Your instructions:
Extract precisely the lines of the entries below, from the first line through the line containing "(can2_zmod_morphism (@a1_of_qextK X)".

Saved entries
■ ■ ■ ■ ■

Section SimplicialSplitting.
Variable X : SObj.
Implicit Types (u : qext (qideal_of_sring X)) (y : sA1 X).

Definition a1_of_qext u : sA1 X := ss X u.1 + val u.2.

Lemma s_d0_ker y : y - ss X (sd0 X y) \in ker_d0 X.
Proof. by rewrite inE rmorphB sd0s subrr. Qed.

Definition qext_of_a1 y : qext (qideal_of_sring X) :=
  (sd0 X y, KerD0 (s_d0_ker y)).

Lemma a1_of_qextK : cancel a1_of_qext qext_of_a1.
Proof.
move=> [c k]; have d0_ck : sd0 X (ss X c + val k) = c.
  by rewrite rmorphD sd0s (eqP (kvalP k)) addr0.
congr (_, _); first exact: d0_ck.
by apply: val_inj; rewrite /= d0_ck addrC addKr.
Qed.

Lemma qext_of_a1K : cancel qext_of_a1 a1_of_qext.
Proof. by move=> y; rewrite /a1_of_qext /= addrC subrK. Qed.

Lemma a1_of_qext_is_zmod_morphism : zmod_morphism a1_of_qext.
Proof. by move=> [c k] [c' k']; rewrite /a1_of_qext /= rmorphB addrACA opprD. Qed.

Lemma a1_of_qext_is_monoid_morphism : monoid_morphism a1_of_qext.
Proof.
split=> [|[c k] [c' k']]; first by rewrite /a1_of_qext /= rmorph1 addr0.
rewrite /a1_of_qext /= /kerd0_d1 rmorphM mulrDl !mulrDr.
by rewrite (mul_ker_d0 (val k) (kvalP k')) [val k * _]mulrC !addrA.
Qed.

End SimplicialSplitting.

HB.instance Definition _ X := GRing.isZmodMorphism.Build _ _ (@a1_of_qext X)
  (@a1_of_qext_is_zmod_morphism X).
HB.instance Definition _ X := GRing.isMonoidMorphism.Build _ _ (@a1_of_qext X)
  (@a1_of_qext_is_monoid_morphism X).
HB.instance Definition _ X := GRing.isZmodMorphism.Build _ _ (@qext_of_a1 X)
  (can2_zmod_morphism (@a1_of_qextK X) (@qext_of_a1K X)).
HB.instance Definition _ X := GRing.isMonoidMorphism.Build _ _ (@qext_of_a1 X)
  (can2_monoid_morphism (@a1_of_qextK X) (@qext_of_a1K X)).

Section SimplicialCounitHom.
Variable X : SObj.
Local Notation FGX := (sring_of_qideal (qideal_of_sring X)).
Implicit Types (u : qext (qideal_of_sring X)) (y : sA1 X) (c : sA0 X).

Lemma a1_of_qext_d0 u : sd0 X (a1_of_qext u) = idfun (qext_d0 u).
Proof. by case: u => c k; rewrite rmorphD sd0s (eqP (kvalP k)) addr0. Qed.

Lemma a1_of_qext_d1 u : sd1 X (a1_of_qext u) = idfun (qext_d1 u).
Proof. by rewrite rmorphD sd1s. Qed.

Lemma a1_of_qext_s c :
  ss X (idfun c) = a1_of_qext (@qext_s (qideal_of_sring X) c).
Proof. by rewrite /a1_of_qext addr0. Qed.

Definition sring_counit : SHom FGX X :=
  @Build_SHom FGX X idfun (GRing.RMorphism.clone _ _ (@a1_of_qext X) _)
    a1_of_qext_d0 a1_of_qext_d1 a1_of_qext_s.

Lemma qext_of_a1_d1 y : qext_d1 (qext_of_a1 y) = idfun (sd1 X y).
Proof. by rewrite /qext_d1 /= /kerd0_d1 /= rmorphB sd1s addrC subrK. Qed.

Lemma qext_of_a1_s c :
  @qext_s (qideal_of_sring X) (idfun c) = qext_of_a1 (ss X c).
Proof.
by apply: (can_inj (@a1_of_qextK X)); rewrite qext_of_a1K -a1_of_qext_s.
Qed.

Definition sring_counit_inv : SHom X FGX :=
  @Build_SHom X FGX idfun (GRing.RMorphism.clone _ _ (@qext_of_a1 X) _)
    (fun _ => erefl) qext_of_a1_d1 qext_of_a1_s.

End SimplicialCounitHom.

Lemma sring_counit_nat_iso :
  @nat_iso SCat SCat (fun X => sring_of_qideal (qideal_of_sring X)) (fun X => X)
    (fun _ _ f => sring_of_qideal_hom (qideal_of_sring_hom f)) (fun _ _ f => f).
Proof.
exists sring_counit, sring_counit_inv; split; [|split].
- by move=> X; split=> //= u; rewrite a1_of_qextK.
- by move=> X; split=> //= y; rewrite qext_of_a1K.
- move=> X Y f; split=> //= -[c k].
  by rewrite /a1_of_qext /= rmorphD sh_s.
Qed.

Theorem lemma3p3p6 : cat_equiv QCat SCat.
Proof.
exists sring_of_qideal_functor, qideal_of_sring_functor.
exact: (conj qideal_unit_nat_iso sring_counit_nat_iso).
Qed.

■ ■ ■ ■ ■

Result of the task:
Section SimplicialSplitting.
Variable X : SObj.
Implicit Types (u : qext (qideal_of_sring X)) (y : sA1 X).

Definition a1_of_qext u : sA1 X := ss X u.1 + val u.2.

Lemma s_d0_ker y : y - ss X (sd0 X y) \in ker_d0 X.
Proof. by rewrite inE rmorphB sd0s subrr. Qed.

Definition qext_of_a1 y : qext (qideal_of_sring X) :=
  (sd0 X y, KerD0 (s_d0_ker y)).

Lemma a1_of_qextK : cancel a1_of_qext qext_of_a1.
Proof.
move=> [c k]; have d0_ck : sd0 X (ss X c + val k) = c.
  by rewrite rmorphD sd0s (eqP (kvalP k)) addr0.
congr (_, _); first exact: d0_ck.
by apply: val_inj; rewrite /= d0_ck addrC addKr.
Qed.

Lemma qext_of_a1K : cancel qext_of_a1 a1_of_qext.
Proof. by move=> y; rewrite /a1_of_qext /= addrC subrK. Qed.

Lemma a1_of_qext_is_zmod_morphism : zmod_morphism a1_of_qext.
Proof. by move=> [c k] [c' k']; rewrite /a1_of_qext /= rmorphB addrACA opprD. Qed.

Lemma a1_of_qext_is_monoid_morphism : monoid_morphism a1_of_qext.
Proof.
split=> [|[c k] [c' k']]; first by rewrite /a1_of_qext /= rmorph1 addr0.
rewrite /a1_of_qext /= /kerd0_d1 rmorphM mulrDl !mulrDr.
by rewrite (mul_ker_d0 (val k) (kvalP k')) [val k * _]mulrC !addrA.
Qed.

End SimplicialSplitting.

HB.instance Definition _ X := GRing.isZmodMorphism.Build _ _ (@a1_of_qext X)
  (@a1_of_qext_is_zmod_morphism X).
HB.instance Definition _ X := GRing.isMonoidMorphism.Build _ _ (@a1_of_qext X)
  (@a1_of_qext_is_monoid_morphism X).
HB.instance Definition _ X := GRing.isZmodMorphism.Build _ _ (@qext_of_a1 X)
  (can2_zmod_morphism (@a1_of_qextK X) (@qext_of_a1K X)).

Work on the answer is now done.